- **Task statement**:
Of the lines below, write out exactly those from the line with "Lemma iota_copy_inj (k" through the line with "Lemma iota_copy_img_vanish D", both included, and skip the rest.

- **Supplied entries**:
# # # # #

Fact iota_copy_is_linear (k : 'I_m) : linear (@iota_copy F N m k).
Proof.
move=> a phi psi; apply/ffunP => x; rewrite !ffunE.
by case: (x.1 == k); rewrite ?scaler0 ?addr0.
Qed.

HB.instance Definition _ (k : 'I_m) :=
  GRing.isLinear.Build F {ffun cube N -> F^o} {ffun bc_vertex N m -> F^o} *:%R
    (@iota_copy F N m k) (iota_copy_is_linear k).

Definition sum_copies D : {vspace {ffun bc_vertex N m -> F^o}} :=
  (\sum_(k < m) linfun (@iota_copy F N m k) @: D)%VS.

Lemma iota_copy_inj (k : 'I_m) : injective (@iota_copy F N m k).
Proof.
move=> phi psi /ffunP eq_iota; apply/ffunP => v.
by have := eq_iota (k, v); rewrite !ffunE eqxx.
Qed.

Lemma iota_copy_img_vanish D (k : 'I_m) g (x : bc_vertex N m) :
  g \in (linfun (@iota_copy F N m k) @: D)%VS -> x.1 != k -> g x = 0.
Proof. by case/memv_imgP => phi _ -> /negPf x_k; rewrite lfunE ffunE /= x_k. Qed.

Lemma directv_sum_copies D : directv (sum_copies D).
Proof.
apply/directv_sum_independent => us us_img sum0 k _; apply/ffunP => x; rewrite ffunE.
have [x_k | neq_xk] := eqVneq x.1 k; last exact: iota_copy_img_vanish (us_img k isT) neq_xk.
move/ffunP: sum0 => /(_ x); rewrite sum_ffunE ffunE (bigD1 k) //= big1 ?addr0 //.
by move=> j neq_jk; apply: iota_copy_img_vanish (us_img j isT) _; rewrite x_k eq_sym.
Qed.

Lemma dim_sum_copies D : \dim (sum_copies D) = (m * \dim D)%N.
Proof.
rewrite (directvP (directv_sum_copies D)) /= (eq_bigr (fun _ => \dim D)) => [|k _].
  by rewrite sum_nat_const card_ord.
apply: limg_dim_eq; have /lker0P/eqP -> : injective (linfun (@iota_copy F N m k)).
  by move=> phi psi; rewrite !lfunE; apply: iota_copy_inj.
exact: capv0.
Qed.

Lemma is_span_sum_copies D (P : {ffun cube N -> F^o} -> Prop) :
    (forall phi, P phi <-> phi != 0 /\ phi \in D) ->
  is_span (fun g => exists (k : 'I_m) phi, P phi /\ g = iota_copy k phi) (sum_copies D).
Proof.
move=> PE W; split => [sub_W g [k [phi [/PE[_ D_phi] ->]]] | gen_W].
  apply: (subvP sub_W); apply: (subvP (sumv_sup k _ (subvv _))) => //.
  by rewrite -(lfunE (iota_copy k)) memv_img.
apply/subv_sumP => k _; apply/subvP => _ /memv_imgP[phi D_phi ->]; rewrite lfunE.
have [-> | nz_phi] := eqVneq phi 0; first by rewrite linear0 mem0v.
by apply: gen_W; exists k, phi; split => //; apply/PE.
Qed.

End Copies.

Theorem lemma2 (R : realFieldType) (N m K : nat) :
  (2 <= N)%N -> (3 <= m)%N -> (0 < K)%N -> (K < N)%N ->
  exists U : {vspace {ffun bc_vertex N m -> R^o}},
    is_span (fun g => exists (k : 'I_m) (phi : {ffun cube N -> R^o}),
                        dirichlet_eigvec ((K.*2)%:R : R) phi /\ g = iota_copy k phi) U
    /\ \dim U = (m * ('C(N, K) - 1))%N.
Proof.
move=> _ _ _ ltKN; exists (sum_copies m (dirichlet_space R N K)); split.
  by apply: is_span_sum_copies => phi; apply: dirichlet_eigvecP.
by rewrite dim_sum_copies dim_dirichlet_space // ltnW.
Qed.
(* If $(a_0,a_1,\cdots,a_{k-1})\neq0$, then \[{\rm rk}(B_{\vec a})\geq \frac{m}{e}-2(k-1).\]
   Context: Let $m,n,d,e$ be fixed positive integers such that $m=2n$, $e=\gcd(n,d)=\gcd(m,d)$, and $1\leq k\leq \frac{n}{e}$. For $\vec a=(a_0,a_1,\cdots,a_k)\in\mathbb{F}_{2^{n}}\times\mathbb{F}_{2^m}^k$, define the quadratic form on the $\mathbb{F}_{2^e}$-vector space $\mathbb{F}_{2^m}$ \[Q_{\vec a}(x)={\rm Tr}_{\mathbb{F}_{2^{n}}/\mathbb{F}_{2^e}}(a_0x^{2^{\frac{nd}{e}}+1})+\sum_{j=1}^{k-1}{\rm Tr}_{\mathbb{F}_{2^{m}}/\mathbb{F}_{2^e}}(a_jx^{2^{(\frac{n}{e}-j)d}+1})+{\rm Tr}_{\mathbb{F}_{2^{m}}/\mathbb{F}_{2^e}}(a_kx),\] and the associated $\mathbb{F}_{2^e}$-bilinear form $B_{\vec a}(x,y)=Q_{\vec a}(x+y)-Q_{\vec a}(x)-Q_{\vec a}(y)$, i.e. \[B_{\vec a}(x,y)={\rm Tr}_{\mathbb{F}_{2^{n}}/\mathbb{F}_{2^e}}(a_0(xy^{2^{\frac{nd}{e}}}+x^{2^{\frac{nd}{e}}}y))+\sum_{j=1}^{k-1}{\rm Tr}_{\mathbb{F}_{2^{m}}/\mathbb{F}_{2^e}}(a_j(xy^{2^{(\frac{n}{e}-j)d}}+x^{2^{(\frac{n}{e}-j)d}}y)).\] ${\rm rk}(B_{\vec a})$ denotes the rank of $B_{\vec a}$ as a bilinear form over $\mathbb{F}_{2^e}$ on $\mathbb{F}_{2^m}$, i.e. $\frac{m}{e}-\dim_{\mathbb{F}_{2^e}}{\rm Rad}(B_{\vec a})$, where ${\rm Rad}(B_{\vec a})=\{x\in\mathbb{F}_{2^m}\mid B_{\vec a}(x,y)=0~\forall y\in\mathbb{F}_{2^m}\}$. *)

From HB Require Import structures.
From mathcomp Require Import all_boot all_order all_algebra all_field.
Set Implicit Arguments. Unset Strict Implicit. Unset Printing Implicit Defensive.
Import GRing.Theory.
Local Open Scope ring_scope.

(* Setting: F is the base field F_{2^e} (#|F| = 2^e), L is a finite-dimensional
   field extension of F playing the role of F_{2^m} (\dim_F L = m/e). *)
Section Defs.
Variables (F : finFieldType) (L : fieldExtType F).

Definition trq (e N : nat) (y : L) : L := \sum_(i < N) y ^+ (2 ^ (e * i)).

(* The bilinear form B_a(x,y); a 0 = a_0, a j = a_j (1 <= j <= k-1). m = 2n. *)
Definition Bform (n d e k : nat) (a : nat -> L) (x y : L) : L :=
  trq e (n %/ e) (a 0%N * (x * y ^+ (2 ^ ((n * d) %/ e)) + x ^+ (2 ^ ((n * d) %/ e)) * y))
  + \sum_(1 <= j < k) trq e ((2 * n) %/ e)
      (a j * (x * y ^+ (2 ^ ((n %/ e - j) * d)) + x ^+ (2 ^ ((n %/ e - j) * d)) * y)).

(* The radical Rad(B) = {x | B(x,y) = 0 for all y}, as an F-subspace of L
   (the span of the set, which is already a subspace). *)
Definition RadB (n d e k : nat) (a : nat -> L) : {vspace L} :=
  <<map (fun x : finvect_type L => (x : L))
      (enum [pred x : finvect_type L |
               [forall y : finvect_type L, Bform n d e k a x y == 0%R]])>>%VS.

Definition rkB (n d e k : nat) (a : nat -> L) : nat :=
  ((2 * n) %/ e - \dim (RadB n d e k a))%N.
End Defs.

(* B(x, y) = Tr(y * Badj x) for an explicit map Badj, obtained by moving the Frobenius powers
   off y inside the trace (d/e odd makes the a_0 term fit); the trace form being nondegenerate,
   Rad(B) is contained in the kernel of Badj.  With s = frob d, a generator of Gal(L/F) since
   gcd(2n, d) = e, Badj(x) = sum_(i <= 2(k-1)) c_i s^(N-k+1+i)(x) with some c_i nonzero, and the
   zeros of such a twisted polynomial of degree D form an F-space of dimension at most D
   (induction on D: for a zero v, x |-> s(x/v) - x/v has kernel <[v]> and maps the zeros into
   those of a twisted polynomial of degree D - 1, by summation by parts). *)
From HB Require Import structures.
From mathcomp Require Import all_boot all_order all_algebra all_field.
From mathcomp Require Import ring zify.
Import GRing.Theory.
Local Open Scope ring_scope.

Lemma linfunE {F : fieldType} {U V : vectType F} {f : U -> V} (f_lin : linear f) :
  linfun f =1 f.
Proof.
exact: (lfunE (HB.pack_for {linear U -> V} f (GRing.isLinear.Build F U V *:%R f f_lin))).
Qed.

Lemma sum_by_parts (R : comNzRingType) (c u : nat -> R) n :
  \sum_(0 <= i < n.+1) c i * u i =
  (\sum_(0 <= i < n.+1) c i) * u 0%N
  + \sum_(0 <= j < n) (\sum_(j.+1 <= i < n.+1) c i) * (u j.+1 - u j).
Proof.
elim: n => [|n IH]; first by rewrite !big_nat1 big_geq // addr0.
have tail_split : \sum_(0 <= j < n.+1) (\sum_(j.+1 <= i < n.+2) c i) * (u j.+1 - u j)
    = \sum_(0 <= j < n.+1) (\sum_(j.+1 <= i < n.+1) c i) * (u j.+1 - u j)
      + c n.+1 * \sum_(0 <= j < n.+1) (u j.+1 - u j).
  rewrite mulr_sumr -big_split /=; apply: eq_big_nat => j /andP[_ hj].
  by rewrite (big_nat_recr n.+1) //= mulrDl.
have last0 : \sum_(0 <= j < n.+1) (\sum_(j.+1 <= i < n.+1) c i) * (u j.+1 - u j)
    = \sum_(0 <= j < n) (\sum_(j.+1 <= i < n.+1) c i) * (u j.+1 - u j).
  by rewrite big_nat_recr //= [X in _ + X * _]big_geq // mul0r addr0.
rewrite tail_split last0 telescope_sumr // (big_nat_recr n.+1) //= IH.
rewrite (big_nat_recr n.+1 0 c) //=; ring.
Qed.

# # # # #

- **Answer below**:
Lemma iota_copy_inj (k : 'I_m) : injective (@iota_copy F N m k).
Proof.
move=> phi psi /ffunP eq_iota; apply/ffunP => v.
by have := eq_iota (k, v); rewrite !ffunE eqxx.
Qed.

Lemma iota_copy_img_vanish D (k : 'I_m) g (x : bc_vertex N m) :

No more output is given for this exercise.